If we increase sample size to n=10 then we are almost sure to immediate detection of a shift by $2\sigma$.

CUSUM chart

The CUSUM chart is generally better than the xbar chart for detecting small shifts in the mean of a process.

Consider the standardized residuals \[z_i=\frac{\sqrt{n}(x_i-\hat{\mu}_0)}{\hat{\sigma}}\] where

$\hat{\mu}_0$ is an estimate of the process mean.
$\hat{\sigma}$ is an estimate of the process standard deviation.

For an in-control proces the cumulative sum (CUSUM) of residuals should vary around $zero$.

The CUSUM chart is developed to see, if there is a drift away from zero. To that end we define 2 processes controlling for downward(D) respectively upward(U) drift: \[\begin{align*} D(i)&=\max\{0,D(i-1)-k-z_i\}\\ U(i)&=\max\{0,U(i-1)+z_i-k\} \end{align*}\] where $k$ is a positive number.

Interpretation of CUSUM chart

Interpretation of \[\begin{align*} D(i)&=\max\{0,D(i-1)-k-z_i\}\\ U(i)&=\max\{0,U(i-1)+z_i-k\} \end{align*}\]

If $z_i< -k$, i.e. $z_i$ is more that $k$ below zero, then $D$ is increased.
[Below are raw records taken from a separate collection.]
(* Let $X=(X_i)_{i\ge1}$ and $Y=(Y_j)_{j\ge1}$ be real-valued partially exchangeable sequences, so that there exist random probability measures $(\tilde p_1,\tilde p_2)$ on $\mathbb{R}$ such that, conditionally on $(\tilde p_1,\tilde p_2)$, all $X_i$ and $Y_j$ are independent with $X_i\sim\tilde p_1$ and $Y_j\sim\tilde p_2$. Assume that $\tilde p_1$ and $\tilde p_2$ have the same marginal distribution and that $X_1$ has finite, strictly positive variance. Then for all $i\neq i'$ and all $j$, $$-\operatorname{corr}(X_i,X_{i'})\le \operatorname{corr}(X_i,Y_j)\le \operatorname{corr}(X_i,X_{i'}).$$
   Context: Partial exchangeability of $X$ and $Y$ means that for all $n,m$ and all permutations $\pi_1$ of $\{1,\dots,n\}$ and $\pi_2$ of $\{1,\dots,m\}$, $((X_i)_{i=1}^n,(Y_j)_{j=1}^m)$ and $((X_{\pi_1(i)})_{i=1}^n,(Y_{\pi_2(j)})_{j=1}^m)$ have the same distribution; by de Finetti's theorem this is equivalent to the conditional i.i.d. representation in the claim. *)

From HB Require Import structures.
From mathcomp Require Import all_boot all_order all_algebra.
From mathcomp Require Import all_classical all_reals all_analysis giry.
Set Implicit Arguments. Unset Strict Implicit. Unset Printing Implicit Defensive.
Import Order.TTheory GRing.Theory Num.Theory.
Local Open Scope classical_set_scope.
Local Open Scope ring_scope.
(* Let $f:\mathbb{R}^d\to\mathbb{R}$ satisfy the Standing Assumptions with constants $0<\mu\le L$ and $M>0$, and let $\{x_t\},\{G_t\},\{r_t\}$ be generated by General Sharpened-BFGS from some $x_0$, assuming $\nabla f(x_t)\ne0$ for all $t$ considered. Define $\xi_0=1$ and $\xi_t=\exp\!\left(2M\sum_{i=0}^{t-1}r_i\right)$ for $t\ge1$. Then for all $t\ge0$, $$\nabla^2 f(x_t)\preceq G_t\preceq \xi_t\frac{L}{\mu}\nabla^2 f(x_t).$$
   Context: Standing Assumptions: $f$ is twice differentiable, $\mu$-strongly convex and has $L$-Lipschitz gradient (so $\mu I\preceq\nabla^2f(x)\preceq LI$), and $f$ is strongly self-concordant with constant $M>0$: for all $x,y,z,w\in\mathbb{R}^d$, $\nabla^2f(y)-\nabla^2f(x)\preceq M\|y-x\|_z\nabla^2f(w)$, where $\|h\|_z:=\sqrt{h^\top\nabla^2f(z)h}$. For symmetric positive definite $A,G$ and $u\ne0$, $\mathrm{BFGS}(A,G,u):=G-\frac{Guu^\top G}{u^\top Gu}+\frac{Auu^\top A}{u^\top Au}$, and $\bar u(A,G):=\arg\max_{u\in\{e_1,\dots,e_d\}}\frac{u^\top Gu}{u^\top Au}$ (ties broken arbitrarily). General Sharpened-BFGS: set $G_0=LI$; for $t=0,1,2,\dots$: $x_{t+1}=x_t-G_t^{-1}\nabla f(x_t)$; $s_t=x_{t+1}-x_t$; $J_t=\int_0^1\nabla^2f(x_t+\tau s_t)\,d\tau$; $\bar G_t=\mathrm{BFGS}(J_t,G_t,s_t)$; $r_t=\|s_t\|_{x_t}$; $\hat G_t=(1+Mr_t/2)^2\bar G_t$; $\bar u=\bar u(\nabla^2f(x_{t+1}),\hat G_t)$; $G_{t+1}=\mathrm{BFGS}(\nabla^2f(x_{t+1}),\hat G_t,\bar u)$. *)

From HB Require Import structures.
From mathcomp Require Import all_boot all_order all_algebra.
From mathcomp Require Import all_classical all_reals all_analysis.
Set Implicit Arguments. Unset Strict Implicit. Unset Printing Implicit Defensive.
Import Order.TTheory GRing.Theory Num.Theory.
Import numFieldNormedType.Exports.
Local Open Scope ring_scope.

Section Defs.
Variables (R : realType) (d : nat).

Definition qform (A : 'M[R]_d) (u : 'cV[R]_d) : R := (u^T *m A *m u) 0 0.

Definition loewner_le (A B : 'M[R]_d) : Prop := forall u, qform A u <= qform B u.

Definition lnorm (hf : 'cV[R]_d -> 'M[R]_d) (z h : 'cV[R]_d) : R :=
  Num.sqrt (qform (hf z) h).

Definition BFGS (A G : 'M[R]_d) (u : 'cV[R]_d) : 'M[R]_d :=
  G - (qform G u)^-1 *: (G *m u *m u^T *m G)
    + (qform A u)^-1 *: (A *m u *m u^T *m A).

Definition evec (i : 'I_d) : 'cV[R]_d := \col_j (i == j)%:R.

Definition is_ubar (A G : 'M[R]_d) (i : 'I_d) : Prop :=
  forall j : 'I_d, qform G (evec j) / qform A (evec j)
                   <= qform G (evec i) / qform A (evec i).

Definition Jint (hf : 'cV[R]_d -> 'M[R]_d) (x s : 'cV[R]_d) : 'M[R]_d :=
  \matrix_(i, j) Rintegral (@lebesgue_measure R) `[0%R, 1%R]%classic
                   (fun tau : R => hf (x + tau *: s) i j).

Definition sbfgs_step (gf : 'cV[R]_d -> 'cV[R]_d) (hf : 'cV[R]_d -> 'M[R]_d)
  (M : R) (x : 'cV[R]_d) (G : 'M[R]_d) (x' : 'cV[R]_d) (G' : 'M[R]_d) : Prop :=
  let s := x' - x in
  let Gbar := BFGS (Jint hf x s) G s in
  let r := lnorm hf x s in
  let Ghat := (1 + M * r / 2) ^+ 2 *: Gbar in
  x' = x - invmx G *m gf x /\
  exists i : 'I_d, is_ubar (hf x') Ghat i /\ G' = BFGS (hf x') Ghat (evec i).

End Defs.

From HB Require Import structures.
From mathcomp Require Import all_boot all_order all_algebra.
From mathcomp Require Import all_classical all_reals all_analysis.
From mathcomp Require Import ring lra.
Set Implicit Arguments. Unset Strict Implicit. Unset Printing Implicit Defensive.
Import Order.TTheory GRing.Theory Num.Theory.
Import numFieldNormedType.Exports.
Local Open Scope ring_scope.

(* The Hessian average J_t = int_0^1 hf (x_t + tau s_t) dtau is squeezed between
   the Hessians at both ends of the step: with c_t = 1 + M r_t / 2, strong
   self-concordance gives J_t <= c_t hf (x_t), J_t <= c_t hf (x_(t+1)) and
   hf (x_t) <= c_t J_t, hf (x_(t+1)) <= c_t J_t.  A BFGS update with curvature
   pair (A, u) preserves both A <= c G and G <= e A for c, e >= 1: it replaces
   G by A along u and leaves the restriction of G to the G-orthogonal complement
   of u, which is monotone in G.  So hf (x_t) <= G_t propagates to
   hf (x_(t+1)) <= c_t^2 Gbar_t = Ghat_t, while the upper bound loses a factor
   c_t^4 <= exp (2 M r_t) per step, starting from G_0 = L I <= (L / mu) hf (x_0). *)

Lemma lipschitz_continuous (R : realType) (g : R -> R) (K : R) :
  (forall a b, `|g a - g b| <= K * `|a - b|) -> continuous g.
Proof.
move=> Hg t; apply/cvgrPdist_lt => e e0.
have K0 : 0 <= K.
  by have := Hg 0 1; rewrite sub0r normrN normr1 mulr1; apply: le_trans.
near=> y; apply: le_lt_trans (Hg t y) _.
have : `|t - y| < e / (K + 1).
  near: y; apply: (@cvgr_dist_lt _ _ _ (nbhs t)) => //.
  by rewrite divr_gt0 // ltr_wpDl.
rewrite ltr_pdivlMr ?ltr_wpDl //; apply: le_lt_trans.
by rewrite mulrDr mulr1 ler_wpDr // mulrC.
Unshelve. all: by end_near. Qed.

Lemma continuous_sum (R : realType) (I : Type) (s : seq I) (F : I -> R -> R) :
  (forall i, continuous (F i)) -> continuous (fun x => \sum_(i <- s) F i x).
Proof.
move=> cF; elim: s => [|a s IH].
  rewrite (_ : (fun _ => _) = fun=> 0); first exact: cst_continuous.
  by apply/funext => x; rewrite big_nil.
rewrite (_ : (fun _ => _) = fun x => F a x + \sum_(i <- s) F i x).
  by move=> y; apply: continuousD; [exact: cF | exact: IH].
by apply/funext => x; rewrite big_cons.
Qed.

Lemma inv_tangent_le (R : realFieldType) (c z q P : R) :
  0 < c -> 0 < c + z -> 0 <= q -> q <= (c + z) * P ->
  q * (c^-1 - z / c ^+ 2) <= P.
Proof.
move=> c0 cz0 q0 qP; rewrite -(ler_pM2r cz0) [P * _]mulrC; apply: le_trans qP.
have -> : q * (c^-1 - z / c ^+ 2) * (c + z) = q - q * (z / c) ^+ 2.
  by field; exact: lt0r_neq0.
by rewrite lerBlDr lerDl mulr_ge0 ?sqr_ge0.
Qed.

Section Integral01.
Context {R : realType}.
Local Notation mu := (@lebesgue_measure R).
Local Notation I01 := (`[0%R, 1%R]%classic : set R).

Lemma continuous_integrable01 (g : R -> R) :
  continuous g -> mu.-integrable I01 (EFin \o g).
Proof.
move=> cg; apply: continuous_compact_integrable; first exact: segment_compact.
exact: continuous_subspaceT.
Qed.

Lemma Rintegral01_cst (c : R) : \int[mu]_(t in I01) c = c.
Proof.
have mu01 : fine (mu I01) = 1 by rewrite lebesgue_measure_itv /= lte01 oppr0 adde0.
by rewrite Rintegral_cst // mu01 mulr1.
Qed.

Lemma Rintegral01_affine (A B : R) : \int[mu]_(t in I01) (A + B * t) = A + B / 2.
Proof.
have cid : continuous (@id R) by move=> t; exact: cvg_id.
have int_onem : \int[mu]_(t in I01) (1 - t) = 2^-1.
  by rewrite -(@Rintegral_onemXn R 1); apply: eq_Rintegral => t _; rewrite expr1.
have int_id : \int[mu]_(t in I01) t = 2^-1.
  transitivity (\int[mu]_(t in I01) (1 - (1 - t))).
    by apply: eq_Rintegral => t _; rewrite subKr.
  rewrite RintegralB // ?Rintegral01_cst ?int_onem; first by field.
    exact/continuous_integrable01/cst_continuous.
  apply: continuous_integrable01 => t.
  by apply: continuousB; [exact: cst_continuous | exact: cid].
rewrite RintegralD // ?RintegralZl // ?Rintegral01_cst ?int_id //.
- exact: continuous_integrable01.
- exact/continuous_integrable01/cst_continuous.
- apply: continuous_integrable01 => t.
  by apply: continuousM; [exact: cst_continuous | exact: cid].
Qed.

Lemma continuous_affine (A B : R) : continuous (fun t : R => A + B * t).
Proof.
move=> t; apply: continuousD; first exact: cst_continuous.
by apply: continuousM; [exact: cst_continuous | exact: cvg_id].
Qed.

Lemma le_Rintegral01 (f g : R -> R) : continuous f -> continuous g ->
  (forall t, 0 <= t <= 1 -> f t <= g t) ->
  \int[mu]_(t in I01) f t <= \int[mu]_(t in I01) g t.
Proof.
by move=> cf cg fg; apply: le_Rintegral => //; exact: continuous_integrable01.
Qed.

Lemma Rintegral01_sum (I : Type) (s : seq I) (F : I -> R -> R) :
  (forall i, continuous (F i)) ->
  \int[mu]_(t in I01) \sum_(i <- s) F i t = \sum_(i <- s) \int[mu]_(t in I01) F i t.
Proof.
move=> cF; elim: s => [|a s IH].
  by under eq_Rintegral do rewrite big_nil; rewrite big_nil Rintegral01_cst.
under eq_Rintegral do rewrite big_cons.
rewrite RintegralD // ?IH ?big_cons //; apply: continuous_integrable01 => //.
exact: continuous_sum.
Qed.

Lemma dist_endpoint01 (tau t : R) : tau = 0 \/ tau = 1 -> 0 <= t <= 1 ->
  `|t - tau| = tau + (1 - 2 * tau) * t.
Proof.
case=> -> /andP[t0 t1]; first by rewrite subr0 ger0_norm //; ring.
by rewrite distrC ger0_norm ?subr_ge0 //; ring.
Qed.

Lemma Rintegral01_le_endpoint (Q : R -> R) (a q tau : R) :
  tau = 0 \/ tau = 1 -> continuous Q ->
  (forall t, 0 <= t <= 1 -> Q t <= (1 + a * `|t - tau|) * q) ->
  \int[mu]_(t in I01) Q t <= (1 + a / 2) * q.
Proof.
move=> htau cQ Qle.
have -> : (1 + a / 2) * q = (1 + a * tau) * q + a * (1 - 2 * tau) * q / 2.
  by field.
rewrite -Rintegral01_affine; apply: le_Rintegral01 => // [|t t01].
  exact: continuous_affine.
by apply: le_trans (Qle t t01) _; rewrite dist_endpoint01 //; lra.
Qed.

(* Pointwise q / (1 + a |t - tau|) is bounded below by its tangent at |t - tau| = 1/2,
   an affine function of t with integral q / (1 + a / 2). *)
Lemma Rintegral01_ge_endpoint (Q : R -> R) (a q tau : R) :
  tau = 0 \/ tau = 1 -> 0 <= a -> 0 <= q -> continuous Q ->
  (forall t, 0 <= t <= 1 -> q <= (1 + a * `|t - tau|) * Q t) ->
  q <= (1 + a / 2) * \int[mu]_(t in I01) Q t.
Proof.
move=> htau a0 q0 cQ qle; set c := 1 + a / 2.
have c0 : 0 < c by rewrite /c; lra.
set A := q / c - q * a * (tau - 2^-1) / c ^+ 2.
set B := - (q * a * (1 - 2 * tau) / c ^+ 2).
have -> : q = c * (A + B / 2) by rewrite /A /B; field; exact: lt0r_neq0.
rewrite ler_pM2l // -Rintegral01_affine; apply: le_Rintegral01 => // [|t t01].
  exact: continuous_affine.
have d0 : 0 <= `|t - tau| := normr_ge0 _.
have -> : A + B * t = q * (c^-1 - a * (`|t - tau| - 2^-1) / c ^+ 2).
  by rewrite dist_endpoint01 // /A /B; field; exact: lt0r_neq0.
apply: inv_tangent_le => //; first by rewrite /c; nra.
by apply: le_trans (qle t t01) _; rewrite /c; lra.
Qed.

End Integral01.

Section Loewner.
Context {R : realType} {d : nat}.
Implicit Types (A B C G : 'M[R]_d) (u v w : 'cV[R]_d) (k l : R).

Definition bform A u v : R := (u^T *m A *m v) 0 0.

Lemma qformE A u : qform A u = bform A u u. Proof. by []. Qed.

Lemma bform_sym A u v : A^T = A -> bform A u v = bform A v u.
Proof.
move=> sA; rewrite /bform.
have -> : (u^T *m A *m v) 0 0 = ((u^T *m A *m v)^T) 0 0 by rewrite [RHS]mxE.
by rewrite !trmx_mul trmxK sA mulmxA.
Qed.

Lemma bformDm A B u v : bform (A + B) u v = bform A u v + bform B u v.
Proof. by rewrite /bform mulmxDr mulmxDl mxE. Qed.

Lemma bformBm A B u v : bform (A - B) u v = bform A u v - bform B u v.
Proof. by rewrite /bform mulmxBr mulmxBl !mxE. Qed.

Lemma bformZm A k u v : bform (k *: A) u v = k * bform A u v.
Proof. by rewrite /bform -scalemxAr -scalemxAl mxE. Qed.

Lemma bformDl A u v w : bform A (u + w) v = bform A u v + bform A w v.
Proof. by rewrite /bform linearD /= !mulmxDl mxE. Qed.

Lemma bformDr A u v w : bform A u (v + w) = bform A u v + bform A u w.
Proof. by rewrite /bform mulmxDr mxE. Qed.

Lemma bformZl A k u v : bform A (k *: u) v = k * bform A u v.
Proof. by rewrite /bform linearZ /= -!scalemxAl mxE. Qed.

Lemma bformZr A k u v : bform A u (k *: v) = k * bform A u v.
Proof. by rewrite /bform -scalemxAr mxE. Qed.

Lemma bformNl A u v : bform A (- u) v = - bform A u v.
Proof. by rewrite -scaleN1r bformZl mulN1r. Qed.

Lemma bformNr A u v : bform A u (- v) = - bform A u v.
Proof. by rewrite -scaleN1r bformZr mulN1r. Qed.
If this happens a number of times in a row, then $D$ grows “big”.
If $z_i>k$, i.e. $z_i$ is more that $k$ above zero, then $U$ is increased. If this happens a number of times in a row, then $U$ grows “big”.

The process is considered out of control if $D$ or $U$ exceeds a limit $h$.

In qcc $k$ and $h$ is specified by the arguments:
se.shift is $k$, which has a default value of 1.
decision.interval is $h$, which has a default value of 5.

CUSUM chart example

h <- cusum(phaseI, newdata = phaseII, title = "CUSUM chart: pistonrings")

The chart includes a plot of

U controlling for positive drift, which is clearly happening in phase II.
D controlling for negative drift.

EWMA chart

The Exponentially Weighted Moving Average (EWMA) is a statistic for monitoring the process, which averages the data in a way that gives most weight to recent data.

The EWMA is formally defined by \[M_t=\lambda x_t+(1-\lambda)M_{t-1},\ \ t=1,2,\ldots,T\] where

$M_0$ is the mean of some historical data.
$x_t$ is the measurement at time $t$.
$T$ is the length of the sampling period.
$0 < \lambda \leq 1$ is a smoothing parameter, where $\lambda=1$ corresponds to “no memory”.

The influence of $x_t$ on $M_{t+s}$ is of the order $(1-\lambda)^s$, i.e. exponentially decreasing, which explains the term “Exponentially Weighted”.

EWMA chart

Estimated variance for the EWMA process

$s_M^2=\frac{\lambda}{2-\lambda}s^2$
$s$ is the standard deviation from historical data.

\[ \begin{aligned} \text{UCL:} \quad &M_0+k s_M\\ \text{CL :} \quad &M_0\\ \text{LCL:} \quad &M_0-k s_M \end{aligned} \]

Conventional choise of $k$ is 3.

EWMA chart example

h <- ewma(phaseI, newdata = phaseII, title = "EWMA chart: pistonrings")

Observed values are “plus” and predicted values are “dots”.
Default value of smoothing is $0.2$. May be set by the argument lambda.
Default value of $k$ is $3$. May be set by the argument nsigmas.

Multivariate charts

In some situations , it is important to watch the covariation between two or more variables.
We shall limit our considerations to two variables $y$ and $x$.
We assume a linear regression equation for $y$ depending on $x$.
We have data to estimate the line and the expected deviation from the line.
We have estimates of mean and standard deviation for $x$.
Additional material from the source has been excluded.